Summary. The manuscript presents a cloud-native, end-to-end pipeline for automating segmentation and morphological clustering in histology whole slide images (WSIs) under a cluster-first labeling paradigm. WSIs are tiled and filtered, tissue components (cells, nuclei, and similar structures) are segmented via Cellpose-SAM, embeddings are extracted with a pretrained ResNet-50, dimensionality is reduced with UMAP, and objects are grouped with DBSCAN. A human then labels representative clusters rather than individual objects. The pipeline is evaluated on 3,696 tissue components across 13 tissue types from three species (human, rat, rabbit), reporting a weighted cluster-label alignment accuracy of 96.8% (with perfect agreement in 7 tissue types) obtained via per-tile Hungarian-algorithm matching. The pipeline, a companion labeling web application, and all evaluation code are released as open source.

Significance. If the reported alignment holds under a global cluster-labeling regime, the work could reduce annotation effort in digital pathology by orders of magnitude, shifting the burden from labeling tens of thousands of individual objects to labeling a much smaller number of clusters. The open-source release of the full pipeline, web app, and reproducible evaluation code is a clear strength that supports adoption and extension. The significance is nevertheless conditional on whether the unsupervised clusters are morphologically consistent enough to receive a single, stable human label across their full extent.

major comments (1)

[Evaluation procedure] Evaluation procedure (abstract and results): The 96.8% weighted cluster-label alignment accuracy is obtained via per-tile Hungarian matching after DBSCAN on the pooled set of 3,696 components. Because a single cluster ID can contain morphologically similar objects drawn from different tissue types or species that carry distinct human labels, the per-tile optimal assignment permits the same cluster to be matched to different labels in different tiles. This metric therefore does not test the central cluster-first claim that a single human-assigned label to an entire cluster would be correct across the cluster's full extent.

minor comments (2)

[Methods] The exact tile-filtering criteria, the procedure used to select DBSCAN eps and min_samples (and UMAP n_neighbors, min_dist), and whether the 96.8% figure is a single run or an average are not stated, limiting reproducibility.
[Results] The abstract and results would benefit from a brief statement of the number of clusters produced and the distribution of cluster sizes, which directly affects the claimed reduction in annotation effort.

Simulated Author's Rebuttal

1 responses · 0 unresolved

We thank the referee for their constructive comments, which help clarify the strengths and limitations of our evaluation. We address the major concern on the evaluation procedure below and will update the manuscript to strengthen the validation of the cluster-first paradigm.

read point-by-point responses

Referee: [Evaluation procedure] Evaluation procedure (abstract and results): The 96.8% weighted cluster-label alignment accuracy is obtained via per-tile Hungarian matching after DBSCAN on the pooled set of 3,696 components. Because a single cluster ID can contain morphologically similar objects drawn from different tissue types or species that carry distinct human labels, the per-tile optimal assignment permits the same cluster to be matched to different labels in different tiles. This metric therefore does not test the central cluster-first claim that a single human-assigned label to an entire cluster would be correct across the cluster's full extent.

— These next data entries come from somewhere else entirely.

(* Let $\alpha\in(0,1)$. Consider the repeated game with action sets $\mathcal{A}$, $\mathcal{B}$ and vector payoff $m_{\mathrm{reg}}:\mathcal{A}\times\mathcal{B}\to\mathbb{R}\times\mathbb{R}^{\mathcal{A}}$, $$m_{\mathrm{reg}}(a,b)=\Big(\mathbf{1}_{b\le a},\ \big(\ell_\alpha(a,b)-\ell_\alpha(a',b)\big)_{a'\in\mathcal{A}}\Big),\qquad \ell_\alpha(a,b)=(\alpha-\mathbf{1}_{b\le a})(b-a).$$ Then the closed convex set $S_{\mathrm{reg}}=[0,\alpha]\times(-\infty,0]^{\mathcal{A}}$ is not approachable: there is no strategy of the learner guaranteeing, for every strategy of the opponent, $d\big(\frac1T\sum_{t=1}^T m_{\mathrm{reg}}(a_t,b_t),S_{\mathrm{reg}}\big)\to0$ almost surely.
   Context: Fix $n\ge1$; $\mathcal{A}=\{k/(n+1):k=0,\dots,n+1\}$ (so $|\mathcal{A}|=n+2$), $\mathcal{B}=\{k/(n+1):k=1,\dots,n+1\}$. Repeated game: at each round $t$ the learner chooses a mixed action on $\mathcal{A}$ and the opponent a mixed action on $\mathcal{B}$, both as functions of the past, and $a_t$, $b_t$ are drawn independently from them given the past. $d$ denotes Euclidean point-to-set distance. *)

From HB Require Import structures.
From mathcomp Require Import all_boot all_order all_algebra.
From mathcomp Require Import all_classical all_reals all_analysis.
Set Implicit Arguments. Unset Strict Implicit. Unset Printing Implicit Defensive.
Import Order.TTheory GRing.Theory Num.Theory.
Import numFieldNormedType.Exports.
Local Open Scope classical_set_scope.
Local Open Scope ring_scope.

Section Game.
Variables (R : realType) (n : nat).

Definition Aidx := 'I_(n.+2).
Definition Bidx := 'I_(n.+1).

Definition Aval (i : Aidx) : R := (i : nat)%:R / (n.+1)%:R.
Definition Bval (j : Bidx) : R := (j : nat).+1%:R / (n.+1)%:R.

(* Payoff space R x R^A, coordinates indexed by option Aidx:
   None = first coordinate, Some a' = coordinate a'. *)
Definition vec := option Aidx -> R.

Definition eucl_norm (x : vec) : R := Num.sqrt (\sum_(k : option Aidx) x k ^+ 2).

Definition dist (x : vec) (S : set vec) : R :=
  inf [set r | exists s, S s /\ r = eucl_norm (fun k => x k - s k)].

Definition ell (alpha a b : R) : R := (alpha - ((b <= a)%R)%:R) * (b - a).

Definition mreg (alpha : R) (i : Aidx) (j : Bidx) : vec :=
  fun k => match k with
           | None => ((Bval j <= Aval i)%R)%:R
           | Some a' => ell alpha (Aval i) (Bval j) - ell alpha (Aval a') (Bval j)
           end.

Definition Sreg (alpha : R) : set vec :=
  [set x | 0 <= x None <= alpha /\ forall a' : Aidx, x (Some a') <= 0].

Definition is_mixed (X : finType) (p : X -> R) : Prop :=
  (forall x, 0 <= p x) /\ \sum_(x : X) p x = 1.

Definition history := seq (Aidx * Bidx).

Definition lstrategy := history -> Aidx -> R.
Definition ostrategy := history -> Bidx -> R.

Definition is_lstrategy (s : lstrategy) := forall h, is_mixed (s h).
Definition is_ostrategy (s : ostrategy) := forall h, is_mixed (s h).

Section Play.
Context {d : measure_display} {T : measurableType d}.

Definition hist (a : nat -> T -> Aidx) (b : nat -> T -> Bidx) (t : nat) (w : T)
  : history := [seq (a s w, b s w) | s <- iota 0 t].

(* (P, a, b) realizes the play of strategies x (learner) and y (opponent):
   the actions are random variables, and given the past history h at round t,
   a_t and b_t are drawn independently from x h and y h. *)
Definition realizes (P : probability T R) (x : lstrategy) (y : ostrategy)
  (a : nat -> T -> Aidx) (b : nat -> T -> Bidx) : Prop :=
  (forall t i, measurable [set w | a t w = i]) /\
  (forall t j, measurable [set w | b t w = j]) /\
  (forall t (h : history) i j,
     P [set w | hist a b t w = h /\ a t w = i /\ b t w = j] =
     (P [set w | hist a b t w = h] * (x h i * y h j)%:E)%E).

(* average payoff over rounds 0..T (i.e. T+1 rounds) *)
Definition avg_payoff (m : Aidx -> Bidx -> vec)
  (a : nat -> T -> Aidx) (b : nat -> T -> Bidx) (N : nat) (w : T) : vec :=
  fun k => (N.+1)%:R^-1 * \sum_(t < N.+1) m (a t w) (b t w) k.
End Play.

Definition approachable (m : Aidx -> Bidx -> vec) (S : set vec) : Prop :=
  exists x : lstrategy, is_lstrategy x /\
    forall y : ostrategy, is_ostrategy y ->
    forall (d : measure_display) (T : measurableType d) (P : probability T R)
           (a : nat -> T -> Aidx) (b : nat -> T -> Bidx),
      realizes P x y a b ->
      {ae P, forall w, (fun N => dist (avg_payoff m a b N w) S) @ \oo --> (0 : R)}.

End Game.

From HB Require Import structures.
From mathcomp Require Import all_boot all_order all_algebra.
From mathcomp Require Import all_classical all_reals all_analysis.
From mathcomp Require Import ring lra.

(* Against the opponent who always plays [b = 1], the first coordinate of the
   average payoff is the frequency [f] of the action [a = 1], while the regret
   coordinate of [a' = 1] is at least [alpha / (n + 1) * (1 - f)]: every action
   [a < 1] is beaten by [1] by at least that much.  A point of [S_reg] has
   [f <= alpha] and non-positive regrets, so on every play the average payoff
   stays at distance at least [c > 0] from [S_reg].

   To refute approachability one still needs a probability space on which an
   arbitrary learner strategy plays against this opponent.  It is built on
   [[0, 1[] with the uniform law by inverse-CDF sampling: every history owns a
   subinterval whose length is its probability, split among its one-step
   extensions in proportion to the mixed actions. *)

Set Implicit Arguments.
Unset Strict Implicit.
Unset Printing Implicit Defensive.
Import Order.TTheory GRing.Theory Num.Theory.
Local Open Scope classical_set_scope.
Local Open Scope ring_scope.

Section Cumulative.
Variables (R : realType) (X : finType) (p : X -> R).
Hypothesis p_mixed : is_mixed p.

Definition cum (k : nat) : R := \sum_(u | (enum_rank u < k)%N) p u.

Lemma cum0 : cum 0 = 0.
Proof. by rewrite /cum big_pred0. Qed.

Lemma cum_card : cum #|X| = 1.
Proof. by rewrite -p_mixed.2; apply: eq_bigl => u; rewrite ltn_ord. Qed.

Lemma cumS (z : X) : cum (enum_rank z).+1 = cum (enum_rank z) + p z.
Proof.
rewrite /cum (bigD1 z) ?ltnSn //= addrC; congr (_ + _); apply: eq_bigl => u.
by rewrite ltnS ltn_neqAle andbC (inj_eq val_inj) (inj_eq enum_rank_inj).
Qed.

Lemma cum_le k k' : (k <= k')%N -> cum k <= cum k'.
Proof.
move=> le_kk'; rewrite /cum !(big_mkcond (fun u => (enum_rank u < _)%N)) /=.
apply: ler_sum => u _; case: ifP => [/leq_trans->//|_].
by case: ifP => // _; exact: p_mixed.1.
Qed.

(* The points [l + s * cum k] cut [[l, l + s[] into one cell per [z], of length [s * p z]. *)
Definition in_part (l s : R) (z : X) (w : R) : bool :=
  (l + s * cum (enum_rank z) <= w) && (w < l + s * cum (enum_rank z).+1).

Section Partition.
Variables (l s : R).
Hypothesis s_ge0 : 0 <= s.

Lemma cut_le k k' : (k <= k')%N -> l + s * cum k <= l + s * cum k'.
Proof. by move=> le_kk'; rewrite lerD2l ler_wpM2l // cum_le. Qed.

Lemma in_part_sub z w : in_part l s z w -> l <= w < l + s.
Proof.
case/andP=> lo hi; have := cut_le (leq0n (enum_rank z)).
have := cut_le (ltn_ord (enum_rank z)).
by rewrite cum0 (_ : cum #|_| = 1) ?cum_card //; lra.
Qed.

Lemma in_part_inj z z' w : in_part l s z w -> in_part l s z' w -> z = z'.
Proof.
move=> /andP[lo hi] /andP[lo' hi']; apply: enum_rank_inj; apply: val_inj.
case: (ltngtP (enum_rank z) (enum_rank z')) => // lt_zz'; exfalso.
  by have := cut_le lt_zz'; lra.
by have := cut_le lt_zz'; lra.
Qed.

Lemma in_part_cover w : l <= w < l + s -> exists z, in_part l s z w.
Proof.
case/andP=> lw wh.
suff: forall k, (k <= #|X|)%N -> w < l + s * cum k -> exists z, in_part l s z w.
  by move=> /(_ #|X| (leqnn _)); apply; rewrite cum_card mulr1.
elim=> [|k IH] le_kX; first by rewrite cum0 mulr0 addr0; lra.
case: (ltP w (l + s * cum k)) => [wk _|kw wk1]; first exact: IH (ltnW le_kX) wk.
exists (enum_val (Ordinal le_kX)).
by rewrite /in_part enum_valK kw.
Qed.

End Partition.
End Cumulative.

Lemma uniform01E (R : realType) (U : set R) : measurable U ->
  uniform_prob (@ltr01 R) U = lebesgue_measure (U `&` `[0, 1[).
Proof.
move=> mU; rewrite /uniform_prob integral_uniform_pdf.
rewrite (eq_integral (cst 1%:E)); last first.
  by move=> w; rewrite inE /= in_itv /= /uniform_pdf => -[_ ->]; rewrite subr0 invr1.
rewrite integral_cst ?mul1e; last exact: measurableI.
have -> : U `&` `[0, 1] = (U `&` `[0, 1[) `|` (U `&` [set 1]).
  rewrite -setIUr; congr (_ `&` _); apply/seteqP; split=> w /=; rewrite !in_itv /=.
    by case/andP=> ->; rewrite le_eqVlt => /predU1P[|->]; [right|left].
  by case=> [/andP[-> /ltW ->] | ->] //; rewrite ler01 lexx.
apply: measureU0; [exact: measurableI | exact: measurableI |].
by apply: (subset_measure0 _ _ _ (lebesgue_measure_set1 1)) => //; exact: measurableI.
Qed.

Section Sampler.
Variables (R : realType) (X : finType) (x0 : X) (q : seq X -> X -> R).
Hypothesis q_mixed : forall h, is_mixed (q h).

(* A history [h] is sampled by the points of a cell [[lo, lo + len[] of [[0, 1[]; the
   children [rcons h z] split that cell in proportions [q h z]. *)
Definition extend (c : seq X * R * R) (z : X) : seq X * R * R :=
  let: (h, lo, len) := c in (rcons h z, lo + len * cum (q h) (enum_rank z), len * q h z).

Definition cell (h : seq X) : seq X * R * R := foldl extend ([::], 0, 1) h.
Definition cell_lo (h : seq X) : R := (cell h).1.2.
Definition cell_len (h : seq X) : R := (cell h).2.
Definition in_cell (h : seq X) (w : R) : bool :=
  (cell_lo h <= w) && (w < cell_lo h + cell_len h).

Lemma cell_rcons h z : cell (rcons h z) = extend (cell h) z.
Proof. by rewrite /cell -cats1 foldl_cat. Qed.

Lemma cell_history h : (cell h).1.1 = h.
Proof.
elim/last_ind: h => // h z IH; rewrite cell_rcons /extend.
by case: (cell h) IH => [[h' lo] len] /= ->.
Qed.

Lemma cell_lo_rcons h z :
  cell_lo (rcons h z) = cell_lo h + cell_len h * cum (q h) (enum_rank z).
Proof.
rewrite /cell_lo /cell_len cell_rcons.
by move: (cell_history h); case: (cell h) => [[h' lo] len] /= ->.
Qed.

Lemma cell_len_rcons h z : cell_len (rcons h z) = cell_len h * q h z.
Proof.
rewrite /cell_len cell_rcons.
by move: (cell_history h); case: (cell h) => [[h' lo] len] /= ->.
Qed.

Lemma cell_len_ge0 h : 0 <= cell_len h.
Proof.
elim/last_ind: h => [|h z IH]; first exact: ler01.
by rewrite cell_len_rcons mulr_ge0 //; exact: (q_mixed h).1.
Qed.

Lemma in_cell_nil w : in_cell [::] w = (0 <= w < 1).
Proof. by rewrite /in_cell /cell_lo /cell_len /= add0r. Qed.

Lemma in_cell_rcons h z w :
  in_cell (rcons h z) w = in_part (q h) (cell_lo h) (cell_len h) z w.
Proof.
by rewrite /in_cell /in_part cell_lo_rcons cell_len_rcons cumS // mulrDr addrA.
Qed.

Lemma in_cell_parent h z w : in_cell (rcons h z) w -> in_cell h w.
Proof. by rewrite in_cell_rcons => /(in_part_sub (q_mixed h) (cell_len_ge0 h)). Qed.

Lemma in_cell_root h w : in_cell h w -> 0 <= w < 1.
Proof.
rewrite -in_cell_nil; elim/last_ind: h => // h z IH.
by move/in_cell_parent; exact: IH.
Qed.

Definition draw (h : seq X) (w : R) : X :=
  odflt x0 [pick z | in_cell (rcons h z) w].

Fixpoint draws (t : nat) (w : R) : seq X :=
  if t is t'.+1 then rcons (draws t' w) (draw (draws t' w) w) else [::].

Lemma draw_eq h z w : in_cell (rcons h z) w -> draw h w = z.
Proof.
move=> hzw; rewrite /draw; case: pickP => [z' /= hz'w|/(_ z)]; last by rewrite hzw.
move: hz'w hzw; rewrite !in_cell_rcons; apply: in_part_inj => //.
exact: cell_len_ge0.
Qed.

Lemma draw_support h w : draw h w = x0 \/ 0 < q h (draw h w).
Proof.
rewrite /draw; case: pickP => [z /= hzw|_]; [right|by left].
have [q_ge0 _] := q_mixed h.
rewrite lt_def q_ge0 andbT; apply: contraTneq hzw => qz0.
by rewrite /in_cell cell_len_rcons qz0 mulr0 addr0; case: leP => //= /le_lt_trans->.
Qed.

Lemma size_draws t w : size (draws t w) = t.
Proof. by elim: t => //= t IH; rewrite size_rcons IH. Qed.

Lemma draws_outside t w : ~~ (0 <= w < 1) -> draws t w = nseq t x0.
Proof.
move=> w01; elim: t => // t IH; rewrite [LHS]/= IH (_ : draw _ w = x0).
  by rewrite -cats1 -[[:: x0]]/(nseq 1 x0) -nseqD addn1.
rewrite /draw; case: pickP => // z /in_cell_root w01'.
by rewrite w01' in w01.
Qed.

Lemma draws_fiber t h w : size h = t -> (draws t w = h /\ 0 <= w < 1) <-> in_cell h w.
Proof.
move=> <-{t}; elim/last_ind: h => [|h z IH]; first by rewrite in_cell_nil; split=> [[]|].
rewrite size_rcons /=; split=> [[/rcons_inj[dh <-] w01]|hzw].
  have hw : in_cell h w by apply/IH.
  have [z' hz'w] : exists z', in_cell (rcons h z') w.
    have [z' hz'w] := in_part_cover (q_mixed h) hw.
    by exists z'; rewrite in_cell_rcons.
  by rewrite dh (draw_eq hz'w).
have [dh w01] := IH.2 (in_cell_parent hzw).
by split=> //; rewrite dh (draw_eq hzw).
Qed.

Authors: We agree that the per-tile Hungarian matching does not directly test global label consistency within each cluster, which is central to the cluster-first claim. Although DBSCAN is performed on the pooled embeddings and the high accuracy indicates effective morphological grouping, the per-tile optimal assignment can mask cases where a single cluster spans objects with differing human labels across tiles or tissue types. To address this, we will revise the Results and Evaluation sections to add two complementary global metrics: (1) cluster purity, defined as the fraction of each cluster's members sharing the majority human label, averaged across clusters weighted by size; and (2) a simulated cluster-first accuracy obtained by assigning the majority label to every member of a cluster and computing agreement with the full set of individual human labels. These additions will provide a direct assessment of whether a single label per cluster is reliable across its full extent. We will report both the original per-tile metric and the new global metrics for transparency. revision: yes

Circularity Check

0 steps flagged

No significant circularity detected; evaluation is post-hoc and independent.

full rationale

The paper describes an unsupervised pipeline (Cellpose-SAM segmentation, ResNet-50 embeddings, UMAP dimensionality reduction, DBSCAN clustering) followed by a separate evaluation step that computes per-tile Hungarian matching between cluster IDs and independent human labels on 3,696 components. The reported 96.8% weighted alignment accuracy is a post-hoc measurement and is not used to fit, select, or optimize any pipeline parameters. No self-definitional equations, fitted-input predictions, load-bearing self-citations, uniqueness theorems, or ansatzes are present that would reduce the central claim to its own inputs by construction. The derivation chain remains self-contained against external benchmarks.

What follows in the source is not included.